[AIM OF THE EXERCISE]
Every line from the beginning of the data through the line containing "by apply: eq_bigr" should be reproduced exactly, and no further lines should be output.
[DATA TO EXAMINE — start]
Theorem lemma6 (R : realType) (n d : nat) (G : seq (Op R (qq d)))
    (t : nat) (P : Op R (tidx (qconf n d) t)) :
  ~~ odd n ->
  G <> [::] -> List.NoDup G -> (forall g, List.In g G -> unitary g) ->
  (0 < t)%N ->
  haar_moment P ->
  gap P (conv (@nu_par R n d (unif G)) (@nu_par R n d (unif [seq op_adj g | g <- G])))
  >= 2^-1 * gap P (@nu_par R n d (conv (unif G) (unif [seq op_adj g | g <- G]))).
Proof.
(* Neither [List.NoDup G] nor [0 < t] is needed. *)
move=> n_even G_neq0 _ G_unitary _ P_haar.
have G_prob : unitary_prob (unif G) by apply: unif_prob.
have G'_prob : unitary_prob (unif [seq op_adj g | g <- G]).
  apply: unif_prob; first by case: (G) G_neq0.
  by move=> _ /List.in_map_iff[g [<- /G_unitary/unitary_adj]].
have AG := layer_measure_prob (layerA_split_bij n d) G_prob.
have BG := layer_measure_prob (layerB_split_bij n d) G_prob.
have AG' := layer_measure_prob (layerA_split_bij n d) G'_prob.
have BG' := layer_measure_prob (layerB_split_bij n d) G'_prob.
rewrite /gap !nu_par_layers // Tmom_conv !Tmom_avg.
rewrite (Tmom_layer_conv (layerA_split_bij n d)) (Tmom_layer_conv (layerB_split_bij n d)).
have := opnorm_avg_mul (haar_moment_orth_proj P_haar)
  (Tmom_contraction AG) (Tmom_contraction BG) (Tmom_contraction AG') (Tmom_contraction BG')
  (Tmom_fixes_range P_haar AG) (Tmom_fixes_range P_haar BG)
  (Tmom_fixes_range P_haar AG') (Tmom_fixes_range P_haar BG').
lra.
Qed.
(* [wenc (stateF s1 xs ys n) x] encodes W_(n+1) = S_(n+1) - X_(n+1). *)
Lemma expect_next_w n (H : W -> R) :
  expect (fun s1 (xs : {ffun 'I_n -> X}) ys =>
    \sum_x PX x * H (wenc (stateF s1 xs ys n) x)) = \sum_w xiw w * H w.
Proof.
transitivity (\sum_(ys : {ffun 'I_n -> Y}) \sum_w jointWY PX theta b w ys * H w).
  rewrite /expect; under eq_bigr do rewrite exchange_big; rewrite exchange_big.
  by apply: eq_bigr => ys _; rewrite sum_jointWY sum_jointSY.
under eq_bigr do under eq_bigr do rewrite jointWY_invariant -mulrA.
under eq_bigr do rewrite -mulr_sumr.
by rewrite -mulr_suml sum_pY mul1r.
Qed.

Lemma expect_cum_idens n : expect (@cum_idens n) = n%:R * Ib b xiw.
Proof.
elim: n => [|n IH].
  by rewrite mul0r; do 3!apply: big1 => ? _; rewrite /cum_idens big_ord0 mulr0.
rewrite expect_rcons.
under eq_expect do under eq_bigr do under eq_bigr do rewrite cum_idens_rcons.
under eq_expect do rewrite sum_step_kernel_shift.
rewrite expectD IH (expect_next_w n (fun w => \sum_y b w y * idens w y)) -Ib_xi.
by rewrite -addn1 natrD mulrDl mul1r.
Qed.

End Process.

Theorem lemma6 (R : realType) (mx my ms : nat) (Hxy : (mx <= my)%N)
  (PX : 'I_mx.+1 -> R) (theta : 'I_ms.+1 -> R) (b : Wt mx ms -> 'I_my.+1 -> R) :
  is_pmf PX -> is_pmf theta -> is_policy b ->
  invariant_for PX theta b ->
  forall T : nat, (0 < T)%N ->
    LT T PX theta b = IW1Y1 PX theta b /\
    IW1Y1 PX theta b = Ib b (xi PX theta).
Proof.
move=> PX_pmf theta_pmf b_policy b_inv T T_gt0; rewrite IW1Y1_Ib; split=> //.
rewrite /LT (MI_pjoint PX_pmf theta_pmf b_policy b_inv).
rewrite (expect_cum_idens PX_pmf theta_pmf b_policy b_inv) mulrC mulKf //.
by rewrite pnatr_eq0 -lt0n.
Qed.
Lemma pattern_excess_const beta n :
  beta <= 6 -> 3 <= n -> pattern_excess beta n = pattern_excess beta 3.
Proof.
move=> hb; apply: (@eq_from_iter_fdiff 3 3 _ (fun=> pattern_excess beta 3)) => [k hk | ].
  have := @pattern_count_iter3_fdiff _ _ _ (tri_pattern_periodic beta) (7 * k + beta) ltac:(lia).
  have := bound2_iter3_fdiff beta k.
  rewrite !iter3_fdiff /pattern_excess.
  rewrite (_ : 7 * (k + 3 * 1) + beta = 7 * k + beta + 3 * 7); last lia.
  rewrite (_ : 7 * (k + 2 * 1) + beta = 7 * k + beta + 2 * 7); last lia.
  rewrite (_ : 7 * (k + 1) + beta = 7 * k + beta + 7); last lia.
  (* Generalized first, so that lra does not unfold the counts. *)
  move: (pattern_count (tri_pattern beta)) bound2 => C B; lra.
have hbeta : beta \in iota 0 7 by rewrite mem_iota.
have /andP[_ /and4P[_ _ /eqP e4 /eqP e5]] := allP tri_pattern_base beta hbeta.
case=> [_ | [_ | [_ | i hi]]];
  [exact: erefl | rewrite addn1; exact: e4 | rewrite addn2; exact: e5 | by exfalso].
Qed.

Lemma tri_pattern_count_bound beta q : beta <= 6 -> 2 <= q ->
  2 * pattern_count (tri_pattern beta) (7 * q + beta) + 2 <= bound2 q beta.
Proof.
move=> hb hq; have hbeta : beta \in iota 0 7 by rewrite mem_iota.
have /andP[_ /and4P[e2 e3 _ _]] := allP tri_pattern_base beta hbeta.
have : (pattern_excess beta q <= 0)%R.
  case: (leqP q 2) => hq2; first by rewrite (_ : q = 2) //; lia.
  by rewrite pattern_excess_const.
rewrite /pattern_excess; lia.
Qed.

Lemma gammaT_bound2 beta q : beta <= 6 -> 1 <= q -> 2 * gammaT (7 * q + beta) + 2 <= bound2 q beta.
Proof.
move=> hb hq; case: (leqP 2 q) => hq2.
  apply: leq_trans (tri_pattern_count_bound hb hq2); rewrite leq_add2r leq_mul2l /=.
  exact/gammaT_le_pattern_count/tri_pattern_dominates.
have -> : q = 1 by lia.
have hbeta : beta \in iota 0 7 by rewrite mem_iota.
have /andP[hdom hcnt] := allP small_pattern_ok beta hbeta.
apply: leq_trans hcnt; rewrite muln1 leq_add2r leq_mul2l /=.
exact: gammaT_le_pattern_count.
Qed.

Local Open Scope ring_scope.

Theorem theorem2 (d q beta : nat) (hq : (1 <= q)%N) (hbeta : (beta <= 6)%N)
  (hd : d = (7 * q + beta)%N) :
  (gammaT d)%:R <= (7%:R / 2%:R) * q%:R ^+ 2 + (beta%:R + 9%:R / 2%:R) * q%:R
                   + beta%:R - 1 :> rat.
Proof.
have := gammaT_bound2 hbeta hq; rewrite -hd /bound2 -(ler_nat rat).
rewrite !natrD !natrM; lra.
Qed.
[DATA TO EXAMINE — finish]
[SOLUTION BELOW]
Theorem lemma6 (R : realType) (n d : nat) (G : seq (Op R (qq d)))
    (t : nat) (P : Op R (tidx (qconf n d) t)) :
  ~~ odd n ->
  G <> [::] -> List.NoDup G -> (forall g, List.In g G -> unitary g) ->
  (0 < t)%N ->
  haar_moment P ->
  gap P (conv (@nu_par R n d (unif G)) (@nu_par R n d (unif [seq op_adj g | g <- G])))
  >= 2^-1 * gap P (@nu_par R n d (conv (unif G) (unif [seq op_adj g | g <- G]))).
Proof.
(* Neither [List.NoDup G] nor [0 < t] is needed. *)
move=> n_even G_neq0 _ G_unitary _ P_haar.
have G_prob : unitary_prob (unif G) by apply: unif_prob.
have G'_prob : unitary_prob (unif [seq op_adj g | g <- G]).
  apply: unif_prob; first by case: (G) G_neq0.
  by move=> _ /List.in_map_iff[g [<- /G_unitary/unitary_adj]].
have AG := layer_measure_prob (layerA_split_bij n d) G_prob.
have BG := layer_measure_prob (layerB_split_bij n d) G_prob.
have AG' := layer_measure_prob (layerA_split_bij n d) G'_prob.
have BG' := layer_measure_prob (layerB_split_bij n d) G'_prob.
rewrite /gap !nu_par_layers // Tmom_conv !Tmom_avg.
rewrite (Tmom_layer_conv (layerA_split_bij n d)) (Tmom_layer_conv (layerB_split_bij n d)).
have := opnorm_avg_mul (haar_moment_orth_proj P_haar)
  (Tmom_contraction AG) (Tmom_contraction BG) (Tmom_contraction AG') (Tmom_contraction BG')
  (Tmom_fixes_range P_haar AG) (Tmom_fixes_range P_haar BG)
  (Tmom_fixes_range P_haar AG') (Tmom_fixes_range P_haar BG').
lra.
Qed.
(* [wenc (stateF s1 xs ys n) x] encodes W_(n+1) = S_(n+1) - X_(n+1). *)
Lemma expect_next_w n (H : W -> R) :
  expect (fun s1 (xs : {ffun 'I_n -> X}) ys =>
    \sum_x PX x * H (wenc (stateF s1 xs ys n) x)) = \sum_w xiw w * H w.
Proof.
transitivity (\sum_(ys : {ffun 'I_n -> Y}) \sum_w jointWY PX theta b w ys * H w).
  rewrite /expect; under eq_bigr do rewrite exchange_big; rewrite exchange_big.
  by apply: eq_bigr => ys _; rewrite sum_jointWY sum_jointSY.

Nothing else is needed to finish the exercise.